How to complete this task: In the entries below, work out how many lines include "Hcomplete", and write only that number.

Supplied records:
------------------------------------------------------------

Lemma lower_of_heavy : forall p c H, heavy_approx p c H ->
  forall t, 0 < t <= 1 -> c * Rpower t p <= H t.
Proof.
  intros p c H HH t Ht. apply Rle_plus_epsilon. intros e He.
  destruct (HH e He) as [h [_ [Hclose Hlow]]].
  pose proof (Rabs_le_between _ _ _ (Hclose t ltac:(lra))). pose proof (Hlow t Ht). lra.
Qed.

(* If no threshold [D0] admits heavy approximations, then near every [t] most
   of the mass of good approximants sits on parameters above [D0 = -2 p ln t],
   where the models are at least [t^p / 2]. *)
Lemma lower_of_not_heavy : forall p H, 0 < p -> approx (conv_hull (models p)) H ->
  (forall D0, 0 <= D0 -> ~ heavy_approx p (/ (2 * (1 + D0))) H) ->
  forall t, 0 < t <= 1 -> Rpower t p / 4 <= H t.
Proof.
  intros p H Hp Happrox Hnot t Ht.
  set (D0 := - 2 * (p * ln t)).
  assert (Hw : p * ln t <= 0) by (pose proof (ln_nonpos t Ht); nra).
  assert (HD0 : 0 <= D0) by (unfold D0; lra).
  assert (Hell : 1 / 2 <= ell p D0 t).
  { unfold ell, D0.
    replace (1 + p * ln t / (1 + -2 * (p * ln t))) with ((1 - p * ln t) / (1 - 2 * (p * ln t)))
      by (field; lra).
    apply le_div_iff; lra. }
  pose proof (exp_pos (p * ln t)) as Hpow. change (exp (p * ln t)) with (Rpower t p) in Hpow.
  pose proof (Hnot D0 HD0) as Hnh. unfold heavy_approx in Hnh.
  apply not_all_ex_not in Hnh as [eps0 Hnh]. apply imply_to_and in Hnh as [Heps0 Hnh].
  apply Rle_plus_epsilon. intros e He.
  pose proof (Rmin_l e eps0). pose proof (Rmin_r e eps0).
  set (e' := Rmin e eps0) in *. assert (He' : 0 < e') by (apply Rmin_pos; lra).
  destruct (Happrox e' He') as [h [Hh Hclose]].
  destruct (conv_models_split p D0 h ltac:(lra) HD0 Hh) as [m [Hm Hbounds]].
  destruct (Rlt_dec m (1 / 2)) as [Hlight|Hheavy].
  - destruct (Hbounds t Ht) as [_ [Hlow _]].
    pose proof (Rabs_le_between _ _ _ (Hclose t ltac:(lra))).
    assert (Rpower t p / 4 <= (1 - m) * (Rpower t p * ell p D0 t)).
    { apply Rle_trans with ((1 - m) * (Rpower t p * (1 / 2))).
      - apply Rle_trans with (1 / 2 * (Rpower t p * (1 / 2))); [lra|].
        apply Rmult_le_compat_r; lra.
      - apply Rmult_le_compat_l; [lra|]. apply Rmult_le_compat_l; lra. }
    lra.
  - exfalso. apply Hnh. exists h. split; [exact Hh|split].
    + intros x Hx. pose proof (Hclose x Hx). lra.
    + intros t' Ht'. destruct (Hbounds t' Ht') as [Hlow _].
      pose proof (exp_pos (p * ln t')) as Hpow'. change (exp (p * ln t')) with (Rpower t' p) in Hpow'.
      eapply Rle_trans; [|exact Hlow].
      replace (/ (2 * (1 + D0)) * Rpower t' p) with (1 / 2 * Rpower t' p / (1 + D0)) by (field; lra).
      unfold Rdiv. apply Rmult_le_compat_r; [left; apply Rinv_0_lt_compat; lra|].
      apply Rmult_le_compat_r; lra.
Qed.

Lemma conv_models_limit_equiv : forall p H, 0 < p -> approx (conv_hull (models p)) H ->
  exists C, 0 < C /\ forall t, 0 < t <= 1 ->
    / C * Rpower t p <= H t /\ H t <= C * Rpower t p.
Proof.
  intros p H Hp Happrox.
  assert (Hupper : forall t, 0 < t <= 1 -> H t <= Rpower t p).
  { intros t Ht. apply Rle_plus_epsilon. intros e He.
    destruct (Happrox e He) as [h [Hh Hclose]].
    destruct (conv_models_split p 0 h ltac:(lra) ltac:(lra) Hh) as [m [_ Hbounds]].
    destruct (Hbounds t Ht) as [_ [_ Hup]].
    pose proof (Rabs_le_between _ _ _ (Hclose t ltac:(lra))). lra. }
  assert (Hcomplete : forall C, 1 <= C -> (forall t, 0 < t <= 1 -> / C * Rpower t p <= H t) ->
    exists C, 0 < C /\ forall t, 0 < t <= 1 -> / C * Rpower t p <= H t /\ H t <= C * Rpower t p).
  { intros C HC Hlow. exists C. split; [lra|]. intros t Ht. split; [auto|].
    pose proof (Hupper t Ht). pose proof (exp_pos (p * ln t)). unfold Rpower in *. nra. }
  destruct (classic (exists D0, 0 <= D0 /\ heavy_approx p (/ (2 * (1 + D0))) H))
    as [[D0 [HD0 Hheavy]]|Hnone].
  - apply (Hcomplete (2 * (1 + D0))); [lra|]. intros t Ht.
    apply lower_of_heavy; assumption.
  - apply (Hcomplete 4); [lra|]. intros t Ht.
    replace (/ 4 * Rpower t p) with (Rpower t p / 4) by (unfold Rdiv; ring).
    apply (lower_of_not_heavy p H Hp Happrox); [|exact Ht].
    intros D0 HD0 Hheavy. apply Hnone. eauto.
Qed.

(* At [t = exp (- D / p)], where the two branches of [rho] meet, the model
   function equals [t^p / (1 + D)]. *)
Lemma model_at_kink : forall p D, 0 < p -> 0 <= D ->
  model p D (exp (- D / p)) = Rpower (exp (- D / p)) p / (1 + D).
Proof.
  intros p D Hp HD. rewrite model_pos_eq by apply exp_pos.
  rewrite ln_exp. replace (p * (- D / p)) with (- D) by (field; lra).
  unfold rho. rewrite Rmax_left; [unfold Rdiv; reflexivity|].
  replace (1 + - D / (1 + D)) with (/ (1 + D)) by (field; lra). lra.
Qed.

Lemma EF_not_equiv_power : forall p, 1 < p -> ~ fequiv (E_F (Phi p)) (fun t => Rpower t p).
Proof.
  intros p Hp [C [HC HE]].
  destruct (INR_unbounded C) as [n Hn].
  set (t := exp (- INR n / p)).
  assert (Ht : 0 < t <= 1).
  { split; [apply exp_pos|]. rewrite <- exp_0. unfold t.
    destruct (Req_dec (- INR n / p) 0) as [->|Hne]; [lra|].
    left. apply exp_increasing. unfold Rdiv.
    pose proof (pos_INR n). pose proof (Rinv_0_lt_compat p ltac:(lra)). nra. }
  destruct (HE _ (model_in_EF p n Hp) t Ht) as [Hlow _].
  pose proof (model_at_kink p (INR n) ltac:(lra) (pos_INR n)) as Hkink. fold t in Hkink.
  rewrite Hkink in Hlow.
  pose proof (exp_pos (p * ln t)) as Hpow. change (exp (p * ln t)) with (Rpower t p) in Hpow.
  assert (/ (1 + INR n) < / C) by (apply Rinv_lt_contravar; [nra|lra]).
  unfold Rdiv in Hlow. nra.
Qed.

Theorem mainTheorem2 : forall p : R, 1 < p ->
  exists Phi : R -> R, Orlicz Phi /\
    fcong (C_F Phi) (fun t => Rpower t p) /\
    ~ fequiv (E_F Phi) (fun t => Rpower t p).
Proof.
  intros p Hp. exists (Phi p). split; [apply Phi_orlicz, Hp|split].
  - intros H HH. apply conv_models_limit_equiv; [lra|].
    now apply CF_approx_conv_models.
  - now apply EF_not_equiv_power.
Qed.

------------------------------------------------------------

Task solution: 3